* Required work:
When you reach the line that has "by rewrite C0E" in the material below, reproduce it and each line after it exactly, through the last one.

* Entries shown:
(* Let $\Omega\subset\mathbb{Z}_2^n\setminus\{\mathbf 0\}$ be nonempty and such that the Hamming weights $s(\beta)$, $\beta\in\Omega$, are either all even or all odd. Let $k=\min_{\beta\in\Omega}s(\beta)$ and let $H_\Omega(t)$ be the transition matrix of $\mathrm{NEPS}(P_3,\ldots,P_3;\Omega)$. Then $H_\Omega\!\left(\frac{2\pi}{(\sqrt2)^k}\right)=I$; that is, $\mathrm{NEPS}(P_3,\ldots,P_3;\Omega)$ is periodic at time $\frac{2\pi}{(\sqrt2)^k}$.
   Context: $P_3$ is the path on three vertices. For graphs $G_1,\dots,G_n$ and $\Omega\subset\mathbb{Z}_2^n\setminus\{\mathbf 0\}$, $\mathrm{NEPS}(G_1,\dots,G_n;\Omega)$ is the graph on $V(G_1)\times\cdots\times V(G_n)$ with adjacency matrix $\sum_{\beta\in\Omega}A_1^{\beta_1}\otimes\cdots\otimes A_n^{\beta_n}$, $A_i$ the adjacency matrix of $G_i$ (equivalently, $(x_i)$ and $(y_i)$ are adjacent iff for some $\beta\in\Omega$, $x_i=y_i$ when $\beta_i=0$ and $x_iy_i\in E(G_i)$ when $\beta_i=1$). The Hamming weight $s(\beta)$ is the number of entries of $\beta$ equal to $1$. The transition matrix of a graph with adjacency matrix $A$ is $H(t)=\exp(-itA)$. A graph is periodic at time $\tau\neq0$ if $H(\tau)=\gamma I$ for some $\gamma$ with $|\gamma|=1$. *)

From mathcomp Require Import all_boot.
From Stdlib Require Import Reals.

Set Implicit Arguments.
Unset Strict Implicit.
Unset Printing Implicit Defensive.

Definition C := (R * R)%type.
Definition C0 : C := (0%R, 0%R).
Definition C1 : C := (1%R, 0%R).
Definition Cadd (a b : C) : C := ((fst a + fst b)%R, (snd a + snd b)%R).
Definition Cmul (a b : C) : C :=
  ((fst a * fst b - snd a * snd b)%R, (fst a * snd b + snd a * fst b)%R).
Definition RtoC (r : R) : C := (r, 0%R).

Definition Cconv (u : nat -> C) (l : C) : Prop :=
  Un_cv (fun N => fst (u N)) (fst l) /\ Un_cv (fun N => snd (u N)) (snd l).

Definition Csum (T : finType) (P : pred T) (f : T -> C) : C :=
  foldr (fun x acc => Cadd (f x) acc) C0 (enum P).
Definition Rsum (T : finType) (P : pred T) (f : T -> R) : R :=
  foldr (fun x acc => (f x + acc)%R) 0%R (enum P).

Definition cmx (V : finType) := V -> V -> C.
Definition cmx1 (V : finType) : cmx V := fun x y => if x == y then C1 else C0.
Definition cmxmul (V : finType) (M N : cmx V) : cmx V :=
  fun x y => Csum predT (fun z => Cmul (M x z) (N z y)).
Fixpoint cmxpow (V : finType) (M : cmx V) (m : nat) : cmx V :=
  match m with
  | O => @cmx1 V
  | S m' => cmxmul (cmxpow M m') M
  end.
Definition cmxscale (V : finType) (c : C) (M : cmx V) : cmx V :=
  fun x y => Cmul c (M x y).

Fixpoint exp_partial (V : finType) (M : cmx V) (N : nat) : cmx V :=
  match N with
  | O => @cmx1 V
  | S N' => fun x y => Cadd (exp_partial M N' x y)
                          (Cmul (RtoC (/ INR (Factorial.fact N))) (cmxpow M N x y))
  end.

Definition is_mexp (V : finType) (M : cmx V) (E : cmx V) : Prop :=
  forall x y, Cconv (fun N => exp_partial M N x y) (E x y).

Definition cmx_of_real (V : finType) (A : V -> V -> R) : cmx V :=
  fun x y => RtoC (A x y).

(* H(t) = exp(-i t A) is (equal to) Ht *)
Definition is_transition (V : finType) (A : V -> V -> R) (t : R) (Ht : cmx V)
  : Prop := is_mexp (cmxscale (0%R, (- t)%R) (cmx_of_real A)) Ht.

Definition P3_adj (a b : 'I_3) : bool :=
  (a.+1 == b :> nat) || (b.+1 == a :> nat).

Definition Z2n (n : nat) := {ffun 'I_n -> bool}.
Definition hamming (n : nat) (b : Z2n n) : nat := #|[pred i | b i]|.

Definition adjR (T : finType) (e : rel T) : T -> T -> R :=
  fun a b => if e a b then 1%R else 0%R.

Definition adj_pow (T : finType) (e : rel T) (bi : bool) : T -> T -> R :=
  if bi then adjR e else (fun a b => if a == b then 1%R else 0%R).

Definition Rprod_ord (n : nat) (f : 'I_n -> R) : R :=
  foldr (fun i acc => (f i * acc)%R) 1%R (enum 'I_n).

(* adjacency matrix of NEPS(G,...,G; Omega) (n copies of G = (T, e)):
   sum_{beta in Omega} A^{beta_1} (x) ... (x) A^{beta_n} *)
Definition NEPS_adj (T : finType) (e : rel T) (n : nat) (Omega : {set Z2n n})
  : {ffun 'I_n -> T} -> {ffun 'I_n -> T} -> R :=
  fun x y => Rsum (mem Omega) (fun beta => Rprod_ord (fun i => adj_pow e (beta i) (x i) (y i))).

(* The adjacency matrix A of NEPS(P_3, ..., P_3; Omega) is diagonalized by tensor
   products of eigenvectors of P_3, whose eigenvalues are 0 and +-sqrt 2: the
   eigenvector indexed by sigma has eigenvalue
     lambda_sigma = sum_(beta in Omega) prod_(i | beta_i) sqrt 2 * eps(sigma_i),
   eps in {0, 1, -1}, a sum of terms 0 or +-(sqrt 2)^s(beta).  All weights s(beta)
   are at least k and have the parity of k, so lambda_sigma is (sqrt 2)^k times an
   integer and t lambda_sigma is a multiple of 2 pi for t = 2 pi / (sqrt 2)^k.
   The partial sums of the exponential series of -itA are combinations, through
   the spectral projectors, of the scalar partial sums of exp(-i t lambda_sigma),
   whose real and imaginary parts are the cosine and sine series; hence
   exp(-itA) = sum_sigma exp(-i t lambda_sigma) P_sigma = sum_sigma P_sigma = I. *)

From Pilot Require Import Defs.
From mathcomp Require Import all_boot all_algebra.
From Stdlib Require Import Reals.
From mathcomp Require Import Rstruct ring lra.

Set Implicit Arguments.
Unset Strict Implicit.
Unset Printing Implicit Defensive.

Import GRing.Theory Num.Theory.

Local Open Scope ring_scope.

(* [simpl] unfolds the MathComp operations on [R] to Stdlib's, which [ring] and
   [lra] do not recognize; this multirule folds them back. *)
Definition RopsE := (RplusE, RminusE, RmultE, RoppE, RinvE, RdivE, IZR_NEG, R0E, R1E).

Lemma Rsum_bigE (T : finType) (P : pred T) (f : T -> R) :
  Rsum P f = \sum_(x in P) f x.
Proof.
rewrite /Rsum -big_enum; elim: (enum P) => [|x s IH] /=; first by rewrite big_nil.
by rewrite big_cons IH.
Qed.

Lemma Rprod_ord_bigE n (f : 'I_n -> R) : Rprod_ord f = \prod_i f i.
Proof.
rewrite /Rprod_ord -big_enum; elim: (enum _) => [|x s IH] /=; first by rewrite big_nil.
by rewrite big_cons IH.
Qed.

Lemma CmulE a b : Cmul a b = (a.1 * b.1 - a.2 * b.2, a.1 * b.2 + a.2 * b.1).
Proof. by []. Qed.

Lemma CaddE a b : Cadd a b = (a.1 + b.1, a.2 + b.2).
Proof. by []. Qed.

Lemma C0E : C0 = (0, 0). Proof. by []. Qed.
Lemma C1E : Defs.C1 = (1, 0). Proof. by []. Qed.
Lemma RtoCE r : RtoC r = (r, 0). Proof. by []. Qed.

Lemma RtoC_mul r z : Cmul (RtoC r) z = (r * z.1, r * z.2).
Proof. by rewrite CmulE RtoCE /=; congr pair; ring. Qed.

Lemma Csum_mul_RtoC (T : finType) (f : T -> Defs.C) (w : Defs.C) (g : T -> R) :
  (forall x, f x = Cmul w (RtoC (g x))) -> Csum predT f = Cmul w (RtoC (\sum_x g x)).
Proof.
move=> fE; rewrite /Csum -big_enum /=.
elim: (enum predT) => [|x s IH]; rewrite ?big_nil ?big_cons /=.
  by rewrite C0E CmulE RtoCE /=; congr pair; ring.
by rewrite IH fE !CmulE CaddE !RtoCE /=; congr pair; ring.
Qed.

Fixpoint Cpow (z : Defs.C) (m : nat) : Defs.C :=
  if m is m'.+1 then Cmul (Cpow z m') z else Defs.C1.

Fixpoint Cexp_partial (z : Defs.C) (N : nat) : Defs.C :=
  if N is N'.+1 then
    Cadd (Cexp_partial z N') (Cmul (RtoC (INR (Factorial.fact N))^-1) (Cpow z N))
  else Defs.C1.

Lemma Cpow0 z : Cpow z 0 = (1, 0).
Proof. by []. Qed.

Lemma CpowS z m : Cpow z m.+1 = Cmul (Cpow z m) z.
Proof. by []. Qed.

Lemma Cexp_partial0 z : Cexp_partial z 0 = (1, 0).
Proof. by []. Qed.

Lemma Cexp_partialS z N : Cexp_partial z N.+1 =
  ((Cexp_partial z N).1 + (INR (Factorial.fact N.+1))^-1 * (Cpow z N.+1).1,
   (Cexp_partial z N).2 + (INR (Factorial.fact N.+1))^-1 * (Cpow z N.+1).2).
Proof. by rewrite [LHS]/= RtoC_mul. Qed.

* Answer space:
  by rewrite C0E CmulE RtoCE /=; congr pair; ring.
by rewrite IH fE !CmulE CaddE !RtoCE /=; congr pair; ring.
Qed.

Fixpoint Cpow (z : Defs.C) (m : nat) : Defs.C :=
  if m is m'.+1 then Cmul (Cpow z m') z else Defs.C1.

Fixpoint Cexp_partial (z : Defs.C) (N : nat) : Defs.C :=
  if N is N'.+1 then
    Cadd (Cexp_partial z N') (Cmul (RtoC (INR (Factorial.fact N))^-1) (Cpow z N))
  else Defs.C1.

Lemma Cpow0 z : Cpow z 0 = (1, 0).
Proof. by []. Qed.

Lemma CpowS z m : Cpow z m.+1 = Cmul (Cpow z m) z.
Proof. by []. Qed.

Lemma Cexp_partial0 z : Cexp_partial z 0 = (1, 0).
Proof. by []. Qed.

Lemma Cexp_partialS z N : Cexp_partial z N.+1 =
  ((Cexp_partial z N).1 + (INR (Factorial.fact N.+1))^-1 * (Cpow z N.+1).1,
   (Cexp_partial z N).2 + (INR (Factorial.fact N.+1))^-1 * (Cpow z N.+1).2).
Proof. by rewrite [LHS]/= RtoC_mul. Qed.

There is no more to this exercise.